DATASET ENTRIES below:
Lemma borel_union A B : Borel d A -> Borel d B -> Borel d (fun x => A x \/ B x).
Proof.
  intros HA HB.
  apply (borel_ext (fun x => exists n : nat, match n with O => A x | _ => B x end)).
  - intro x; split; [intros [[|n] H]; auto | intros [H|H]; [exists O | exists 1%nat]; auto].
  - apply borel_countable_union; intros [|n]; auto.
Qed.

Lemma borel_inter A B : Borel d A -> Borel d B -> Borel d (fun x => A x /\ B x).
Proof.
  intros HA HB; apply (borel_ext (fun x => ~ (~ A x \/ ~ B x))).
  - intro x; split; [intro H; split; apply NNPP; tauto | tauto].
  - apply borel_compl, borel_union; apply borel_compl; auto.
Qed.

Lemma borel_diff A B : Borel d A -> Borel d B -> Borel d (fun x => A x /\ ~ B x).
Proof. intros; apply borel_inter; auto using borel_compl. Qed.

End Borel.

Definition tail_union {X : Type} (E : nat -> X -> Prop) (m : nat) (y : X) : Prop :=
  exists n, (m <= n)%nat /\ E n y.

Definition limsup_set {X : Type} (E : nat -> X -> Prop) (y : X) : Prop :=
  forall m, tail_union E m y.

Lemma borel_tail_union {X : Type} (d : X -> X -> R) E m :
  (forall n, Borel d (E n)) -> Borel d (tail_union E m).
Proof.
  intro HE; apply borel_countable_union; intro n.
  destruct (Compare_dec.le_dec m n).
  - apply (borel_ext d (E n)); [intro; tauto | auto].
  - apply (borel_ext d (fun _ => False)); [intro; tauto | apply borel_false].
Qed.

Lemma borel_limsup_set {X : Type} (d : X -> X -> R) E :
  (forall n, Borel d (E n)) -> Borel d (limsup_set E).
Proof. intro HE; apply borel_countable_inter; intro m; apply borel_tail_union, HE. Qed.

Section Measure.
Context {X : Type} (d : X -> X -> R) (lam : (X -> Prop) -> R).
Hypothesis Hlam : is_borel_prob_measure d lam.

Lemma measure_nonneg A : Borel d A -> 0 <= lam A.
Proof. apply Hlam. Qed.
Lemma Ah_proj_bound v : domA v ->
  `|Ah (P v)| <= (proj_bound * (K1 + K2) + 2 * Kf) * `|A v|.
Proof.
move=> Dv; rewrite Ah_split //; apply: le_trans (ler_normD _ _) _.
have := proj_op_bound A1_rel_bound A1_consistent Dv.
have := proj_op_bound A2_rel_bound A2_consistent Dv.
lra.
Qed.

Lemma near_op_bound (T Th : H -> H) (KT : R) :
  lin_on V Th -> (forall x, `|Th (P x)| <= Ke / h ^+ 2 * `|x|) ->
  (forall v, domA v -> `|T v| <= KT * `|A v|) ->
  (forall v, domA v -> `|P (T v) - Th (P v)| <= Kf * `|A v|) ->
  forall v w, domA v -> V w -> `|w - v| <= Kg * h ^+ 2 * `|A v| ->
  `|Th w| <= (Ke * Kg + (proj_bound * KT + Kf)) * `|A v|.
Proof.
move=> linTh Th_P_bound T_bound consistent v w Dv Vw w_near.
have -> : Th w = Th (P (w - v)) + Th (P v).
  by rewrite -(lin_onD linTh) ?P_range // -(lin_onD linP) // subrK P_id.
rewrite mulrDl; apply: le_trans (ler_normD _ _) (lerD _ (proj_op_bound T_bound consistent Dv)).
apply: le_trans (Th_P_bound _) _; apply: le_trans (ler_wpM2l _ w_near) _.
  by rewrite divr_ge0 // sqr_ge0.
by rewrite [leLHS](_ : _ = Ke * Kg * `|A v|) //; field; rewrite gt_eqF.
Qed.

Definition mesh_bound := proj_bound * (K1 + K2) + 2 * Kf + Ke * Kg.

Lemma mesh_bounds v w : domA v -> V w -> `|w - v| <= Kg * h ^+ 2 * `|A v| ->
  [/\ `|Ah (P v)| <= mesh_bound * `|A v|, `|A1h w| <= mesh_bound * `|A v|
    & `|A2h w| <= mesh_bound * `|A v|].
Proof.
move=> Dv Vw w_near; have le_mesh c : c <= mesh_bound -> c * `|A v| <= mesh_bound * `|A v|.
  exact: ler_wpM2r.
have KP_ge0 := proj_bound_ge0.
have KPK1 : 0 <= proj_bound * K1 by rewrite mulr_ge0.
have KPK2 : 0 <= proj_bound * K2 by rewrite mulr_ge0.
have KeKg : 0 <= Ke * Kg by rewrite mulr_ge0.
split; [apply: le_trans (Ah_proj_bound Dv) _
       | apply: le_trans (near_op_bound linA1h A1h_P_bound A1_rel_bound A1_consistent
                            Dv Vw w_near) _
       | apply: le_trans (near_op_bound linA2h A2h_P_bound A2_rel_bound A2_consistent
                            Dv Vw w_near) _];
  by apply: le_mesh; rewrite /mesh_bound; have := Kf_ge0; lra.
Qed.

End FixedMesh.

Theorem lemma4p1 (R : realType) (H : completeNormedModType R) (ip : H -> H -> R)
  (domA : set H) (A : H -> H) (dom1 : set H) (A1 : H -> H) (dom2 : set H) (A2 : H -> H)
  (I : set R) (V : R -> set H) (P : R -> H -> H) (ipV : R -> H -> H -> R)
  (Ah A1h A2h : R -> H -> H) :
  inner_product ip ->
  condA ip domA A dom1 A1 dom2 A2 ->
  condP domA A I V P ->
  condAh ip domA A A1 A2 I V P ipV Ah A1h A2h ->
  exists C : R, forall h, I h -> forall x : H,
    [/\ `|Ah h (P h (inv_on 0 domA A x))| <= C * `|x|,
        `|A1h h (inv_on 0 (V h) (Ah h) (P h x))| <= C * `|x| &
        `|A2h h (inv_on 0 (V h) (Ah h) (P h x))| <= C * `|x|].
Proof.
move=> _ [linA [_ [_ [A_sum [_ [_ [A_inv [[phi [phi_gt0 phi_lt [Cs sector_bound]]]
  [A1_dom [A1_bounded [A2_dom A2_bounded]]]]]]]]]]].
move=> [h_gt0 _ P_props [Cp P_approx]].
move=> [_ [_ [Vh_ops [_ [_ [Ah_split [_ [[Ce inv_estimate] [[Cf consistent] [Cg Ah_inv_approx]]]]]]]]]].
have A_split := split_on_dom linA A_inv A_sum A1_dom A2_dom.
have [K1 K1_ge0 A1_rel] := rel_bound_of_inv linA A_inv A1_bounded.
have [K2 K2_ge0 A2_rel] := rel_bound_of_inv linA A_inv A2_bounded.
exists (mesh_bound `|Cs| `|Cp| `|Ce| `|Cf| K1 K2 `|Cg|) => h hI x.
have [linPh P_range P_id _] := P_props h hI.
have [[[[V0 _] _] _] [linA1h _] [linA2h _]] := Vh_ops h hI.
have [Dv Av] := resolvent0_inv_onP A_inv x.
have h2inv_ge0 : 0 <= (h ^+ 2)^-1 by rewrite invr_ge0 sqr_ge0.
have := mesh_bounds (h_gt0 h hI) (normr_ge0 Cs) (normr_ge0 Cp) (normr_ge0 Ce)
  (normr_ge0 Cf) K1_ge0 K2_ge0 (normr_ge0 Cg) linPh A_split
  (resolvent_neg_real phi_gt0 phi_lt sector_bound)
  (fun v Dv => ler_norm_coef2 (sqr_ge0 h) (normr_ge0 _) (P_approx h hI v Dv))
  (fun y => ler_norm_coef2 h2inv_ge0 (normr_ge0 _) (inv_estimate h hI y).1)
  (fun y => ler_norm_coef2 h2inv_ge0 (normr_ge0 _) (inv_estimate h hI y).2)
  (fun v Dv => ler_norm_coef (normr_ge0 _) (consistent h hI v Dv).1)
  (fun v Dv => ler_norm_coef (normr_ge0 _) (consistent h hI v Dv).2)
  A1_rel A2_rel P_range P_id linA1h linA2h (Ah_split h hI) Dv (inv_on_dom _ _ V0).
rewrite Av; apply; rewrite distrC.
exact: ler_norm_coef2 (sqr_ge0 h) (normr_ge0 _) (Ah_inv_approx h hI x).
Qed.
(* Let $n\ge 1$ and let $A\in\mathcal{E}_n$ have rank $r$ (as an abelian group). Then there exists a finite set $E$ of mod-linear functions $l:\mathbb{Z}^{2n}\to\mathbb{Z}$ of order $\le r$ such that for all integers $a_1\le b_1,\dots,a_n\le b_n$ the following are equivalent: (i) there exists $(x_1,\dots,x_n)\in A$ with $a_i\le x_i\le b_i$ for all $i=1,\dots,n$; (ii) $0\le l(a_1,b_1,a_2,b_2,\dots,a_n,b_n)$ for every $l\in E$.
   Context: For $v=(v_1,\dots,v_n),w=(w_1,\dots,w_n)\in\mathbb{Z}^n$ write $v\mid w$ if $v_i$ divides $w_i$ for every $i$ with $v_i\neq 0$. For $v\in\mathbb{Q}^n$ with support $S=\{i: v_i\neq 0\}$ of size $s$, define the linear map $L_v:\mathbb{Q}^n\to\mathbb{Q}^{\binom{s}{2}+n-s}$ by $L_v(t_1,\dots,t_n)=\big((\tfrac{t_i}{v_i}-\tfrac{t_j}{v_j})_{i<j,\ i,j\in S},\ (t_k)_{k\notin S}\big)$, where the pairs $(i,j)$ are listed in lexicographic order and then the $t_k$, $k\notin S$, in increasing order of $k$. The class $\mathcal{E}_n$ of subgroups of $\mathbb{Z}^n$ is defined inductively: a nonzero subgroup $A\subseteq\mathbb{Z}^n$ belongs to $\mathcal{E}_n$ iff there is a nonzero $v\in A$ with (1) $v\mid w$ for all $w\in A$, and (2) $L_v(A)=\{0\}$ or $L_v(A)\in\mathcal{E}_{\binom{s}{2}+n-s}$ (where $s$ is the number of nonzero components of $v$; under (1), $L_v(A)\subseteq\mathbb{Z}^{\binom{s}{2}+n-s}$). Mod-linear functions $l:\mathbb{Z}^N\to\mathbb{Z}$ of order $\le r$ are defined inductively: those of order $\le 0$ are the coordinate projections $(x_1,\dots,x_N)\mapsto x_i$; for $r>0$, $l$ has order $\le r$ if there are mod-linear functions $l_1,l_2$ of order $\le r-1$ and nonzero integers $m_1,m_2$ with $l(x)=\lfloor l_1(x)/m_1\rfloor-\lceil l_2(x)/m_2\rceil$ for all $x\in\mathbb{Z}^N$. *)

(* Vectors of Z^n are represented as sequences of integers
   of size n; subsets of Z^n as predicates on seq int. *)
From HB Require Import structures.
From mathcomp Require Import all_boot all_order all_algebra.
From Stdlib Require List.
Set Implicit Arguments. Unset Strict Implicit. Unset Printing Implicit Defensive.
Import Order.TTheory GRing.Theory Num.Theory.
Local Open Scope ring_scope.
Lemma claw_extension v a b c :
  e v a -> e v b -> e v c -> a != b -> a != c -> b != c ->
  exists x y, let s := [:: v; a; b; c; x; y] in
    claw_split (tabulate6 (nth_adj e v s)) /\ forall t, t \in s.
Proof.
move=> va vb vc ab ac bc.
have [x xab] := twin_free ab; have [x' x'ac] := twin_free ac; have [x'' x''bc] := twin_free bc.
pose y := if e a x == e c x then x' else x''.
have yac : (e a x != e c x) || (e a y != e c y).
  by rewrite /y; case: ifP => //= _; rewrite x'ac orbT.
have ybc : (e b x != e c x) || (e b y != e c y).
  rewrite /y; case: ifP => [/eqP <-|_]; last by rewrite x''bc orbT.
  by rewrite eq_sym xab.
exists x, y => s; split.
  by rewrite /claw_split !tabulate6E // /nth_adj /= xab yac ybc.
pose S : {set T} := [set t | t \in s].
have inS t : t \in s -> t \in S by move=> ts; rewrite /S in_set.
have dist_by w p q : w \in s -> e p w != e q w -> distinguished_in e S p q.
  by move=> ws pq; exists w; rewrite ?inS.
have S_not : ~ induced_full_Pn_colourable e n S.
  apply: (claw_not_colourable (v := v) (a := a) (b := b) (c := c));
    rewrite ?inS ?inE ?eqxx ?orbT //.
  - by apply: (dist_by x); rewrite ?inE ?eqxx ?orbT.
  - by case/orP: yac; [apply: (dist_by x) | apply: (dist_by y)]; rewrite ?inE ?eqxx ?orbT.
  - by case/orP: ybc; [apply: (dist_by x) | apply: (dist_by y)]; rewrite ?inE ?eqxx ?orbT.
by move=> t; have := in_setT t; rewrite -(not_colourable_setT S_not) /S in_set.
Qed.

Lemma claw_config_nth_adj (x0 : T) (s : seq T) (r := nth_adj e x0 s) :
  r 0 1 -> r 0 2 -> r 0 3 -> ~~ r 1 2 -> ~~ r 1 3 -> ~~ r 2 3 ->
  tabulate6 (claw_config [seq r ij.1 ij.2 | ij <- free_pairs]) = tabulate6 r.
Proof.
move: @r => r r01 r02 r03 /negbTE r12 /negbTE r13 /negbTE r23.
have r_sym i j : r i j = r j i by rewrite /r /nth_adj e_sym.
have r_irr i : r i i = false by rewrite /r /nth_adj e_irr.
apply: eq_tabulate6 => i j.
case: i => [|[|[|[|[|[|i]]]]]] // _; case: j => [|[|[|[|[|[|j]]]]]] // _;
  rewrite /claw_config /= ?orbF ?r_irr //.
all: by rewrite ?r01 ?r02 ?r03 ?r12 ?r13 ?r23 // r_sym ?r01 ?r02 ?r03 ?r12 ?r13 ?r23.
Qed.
End of DATASET ENTRIES.
- _EXERCISE REQUIREMENTS_
Every line above from the line with "have dist_by w" to the line with "- by apply: (dist_by" is wanted, ends included; write them out exactly and add no other line.

- _COMPLETED TASK_
have dist_by w p q : w \in s -> e p w != e q w -> distinguished_in e S p q.
  by move=> ws pq; exists w; rewrite ?inS.
have S_not : ~ induced_full_Pn_colourable e n S.
  apply: (claw_not_colourable (v := v) (a := a) (b := b) (c := c));
    rewrite ?inS ?inE ?eqxx ?orbT //.
  - by apply: (dist_by x); rewrite ?inE ?eqxx ?orbT.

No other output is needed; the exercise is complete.